Lemma sum_sqr_pos_part_minimizer N (X : set 'rV[R]_N) (I : Type) (r : seq I)
    (g : I -> 'rV[R]_N -> R) x0 :
  convex_rV X -> (forall i, affine (g i)) -> X x0 ->
  (forall x, X x ->
     \sum_(i <- r) pos_part (g i x0) ^+ 2 <= \sum_(i <- r) pos_part (g i x) ^+ 2) ->
  forall x, X x -> 0 <= \sum_(i <- r) pos_part (g i x0) * (g i x - g i x0).
Proof.
move=> cvX affg Xx0 x0_min x Xx; set S := \sum_(i <- r) _.
rewrite leNgt; apply/negP => S_lt0.
pose K := \sum_(i <- r) (g i x - g i x0) ^+ 2.
have K_ge0 : 0 <= K by apply: sumr_ge0 => i _; exact: sqr_ge0.
(* any step 0 < s <= 1 with s K <= - S decreases the penalty *)
pose s := - S / (K - S).
have s_gt0 : 0 < s by rewrite divr_gt0 //; lra.
have s_le1 : s <= 1 by rewrite ler_pdivrMr ?mul1r; lra.
have sK_le : s * K <= - S.
  by rewrite mulrAC ler_pdivrMr; [nra | lra].
have Xxs : X (x0 + s *: (x - x0)) by apply: cvX; rewrite // ltW.
have := x0_min _ Xxs; apply/negP; rewrite -ltNge.
have -> : \sum_(i <- r) pos_part (g i (x0 + s *: (x - x0))) ^+ 2
    = \sum_(i <- r) pos_part (g i x0 + s * (g i x - g i x0)) ^+ 2.
  by apply: eq_bigr => i _; rewrite affg.
apply: le_lt_trans (ler_sum _ (fun i _ => sqr_pos_partD _ _)) _.
rewrite !big_split /=.
have -> : \sum_(i <- r) 2 * pos_part (g i x0) * (s * (g i x - g i x0)) = 2 * s * S.
  by rewrite /S !mulr_sumr; apply: eq_bigr => i _; ring.
have -> : \sum_(i <- r) (s * (g i x - g i x0)) ^+ 2 = s ^+ 2 * K.
  by rewrite /K mulr_sumr; apply: eq_bigr => i _; ring.
nra.
Qed.

Lemma convex_rV_combination M (Y : set 'rV[R]_M) (T : Type) (f : T -> 'rV[R]_M -> R)
    (I : Type) (r : seq I) (w : I -> R) (y : I -> 'rV[R]_M) :
  convex_rV Y -> Y !=set0 -> (forall x, affine (f x)) ->
  (forall i, 0 <= w i) -> (forall i, Y (y i)) ->
  exists2 y0, Y y0 & forall x, (\sum_(i <- r) w i) * f x y0 = \sum_(i <- r) w i * f x (y i).
Proof.
move=> cvY [ya Yya] affF w_ge0 Yy; elim: r => [|i r [y' Yy' IH]].
  by exists ya => // x; rewrite !big_nil mul0r.
have W_ge0 : 0 <= \sum_(j <- r) w j by exact: sumr_ge0.
have [W0|W_neq0] := eqVneq (w i + \sum_(j <- r) w j) 0.
  have [wi0 W'0] : w i = 0 /\ \sum_(j <- r) w j = 0.
    by move: (w_ge0 i) W_ge0 W0; lra.
  by exists y' => // x; rewrite !big_cons -IH W'0 wi0; ring.
have W_gt0 : 0 < w i + \sum_(j <- r) w j by rewrite lt_def W_neq0 addr_ge0.
exists (y' + (w i / (w i + \sum_(j <- r) w j)) *: (y i - y')).
  apply: cvY Yy' (Yy i) _; rewrite divr_ge0 ?(ltW W_gt0) //=.
  by rewrite ler_pdivrMr // mul1r lerDl.
by move=> x; rewrite !big_cons affF -IH; field.
Qed.

Section StrictMinimax.
Variables (N M : nat) (X : set 'rV[R]_N) (Y : set 'rV[R]_M).
Variable f : 'rV[R]_N -> 'rV[R]_M -> R.
Hypotheses (X_compact : compact X) (X_neq0 : X !=set0).
Hypotheses (X_convex : convex_rV X) (Y_convex : convex_rV Y).
Hypothesis f_continuous_l : forall y, continuous (f^~ y).
Hypotheses (f_affine_l : forall y, affine (f^~ y)) (f_affine_r : forall x, affine (f x)).

Lemma finite_strict_minimax (I : finType) (y : I -> 'rV[R]_M) (c : R) :
  (forall i, Y (y i)) -> (forall x, X x -> exists i, f x (y i) < c) ->
  exists2 y0, Y y0 & forall x, X x -> f x y0 < c.
Proof.
move=> Yy X_cover.
pose penalty x := \sum_i pos_part (c - f x (y i)) ^+ 2.
have penalty_cont : continuous penalty.
  apply: continuous_big => [|i _ x]; first exact: add_continuous.
  have gap_cont : {for x, continuous (fun x => c - f x (y i))}.
    by apply: continuousB; [exact: cst_continuous | exact: f_continuous_l].
  apply: (continuous_comp (f := fun x => pos_part (c - f x (y i))) (g := fun t => t ^+ 2));
    last exact: exprn_continuous.
  by apply: continuous_comp gap_cont _; exact: pos_part_continuous.
have [x0 /[!in_setE] Xx0 x0_min] := EVT_min_rV X_neq0 X_compact (continuous_subspaceT penalty_cont).
pose a i := pos_part (c - f x0 (y i)).
have first_order x : X x -> \sum_i a i * f x (y i) <= \sum_i a i * f x0 (y i).
  move=> Xx; rewrite -subr_ge0 -sumrB.
  have := sum_sqr_pos_part_minimizer (r := index_enum I) (g := fun i x => c - f x (y i))
    X_convex (fun i => affineBl c (f_affine_l (y i))) Xx0
    (fun x' Xx' => x0_min x' (mem_set Xx')) Xx.
  by rewrite (eq_bigr (fun i => a i * f x0 (y i) - a i * f x (y i))) // => i _; rewrite /a; ring.
have [i0 fi0_lt] := X_cover _ Xx0.
have ai0_gt0 : 0 < a i0 by rewrite /a /pos_part lt_max subr_gt0 fi0_lt.
have W_gt0 : 0 < \sum_i a i.
  by rewrite (bigD1 i0) //= ltr_wpDr // sumr_ge0 // => i _; exact: pos_part_ge0.
have A_gt0 : 0 < \sum_i a i ^+ 2.
  rewrite (bigD1 i0) //= ltr_wpDr ?exprn_gt0 // sumr_ge0 // => i _; exact: sqr_ge0.
have value_x0 : \sum_i a i * f x0 (y i) = c * \sum_i a i - \sum_i a i ^+ 2.
  rewrite mulr_sumr -sumrB; apply: eq_bigr => i _.
  by rewrite -pos_partM -/(a i); ring.
have [y0 Yy0 y0_val] := convex_rV_combination (index_enum I) (w := a) Y_convex
  (ex_intro _ _ (Yy i0)) f_affine_r (fun i => pos_part_ge0 _) Yy.
exists y0 => // x Xx; rewrite -(ltr_pM2l W_gt0) y0_val.
by apply: le_lt_trans (first_order _ Xx) _; rewrite value_x0 mulrC; lra.
Qed.

Lemma strict_minimax c :
  (forall x, X x -> exists2 y, Y y & f x y < c) ->
  exists2 y0, Y y0 & forall x, X x -> f x y0 < c.
Proof.
move=> X_cover; have : cover_compact X by rewrite -compact_cover.
move=> /(_ _ Y (fun y => [set x | f x y < c])) [y _ | x Xx | ys ysY Xys].
- by apply: (open_comp (f := f^~ y) (D := [set t | t < c])) => [x _|];
    [exact: f_continuous_l | exact: open_lt].
- by have [y Yy fxy_lt] := X_cover x Xx; exists y.
apply: (finite_strict_minimax (I := ys) (y := val)) => [i | x /Xys [y ys_y fxy_lt]].
  by rewrite -in_setE; apply/ysY/fsvalP.
by exists (FSetSub ys_y).
Qed.

Lemma minimax_alternative c :
  (exists2 x, X x & forall y, Y y -> c <= f x y) \/
  (exists2 y, Y y & forall x, X x -> f x y < c).
Proof.
have [|no_x] := pselect (exists2 x, X x & forall y, Y y -> c <= f x y); first by left.
right; apply: strict_minimax => x Xx.
have [//|no_y] := pselect (exists2 y, Y y & f x y < c).
exfalso; apply: no_x; exists x => // y Yy; rewrite leNgt; apply/negP => fxy_lt.
by apply: no_y; exists y.
Qed.

End StrictMinimax.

________________________

| WORK REQUIRED |
Every line of the listing that holds "move" should be found and copied.

| TASK RESPONSE |
move=> cvX affg Xx0 x0_min x Xx; set S := \sum_(i <- r) _.
move=> cvY [ya Yya] affF w_ge0 Yy; elim: r => [|i r [y' Yy' IH]].
    by move: (w_ge0 i) W_ge0 W0; lra.
by move=> x; rewrite !big_cons affF -IH; field.
move=> Yy X_cover.
  move=> Xx; rewrite -subr_ge0 -sumrB.
move=> X_cover; have : cover_compact X by rewrite -compact_cover.
move=> /(_ _ Y (fun y => [set x | f x y < c])) [y _ | x Xx | ys ysY Xys].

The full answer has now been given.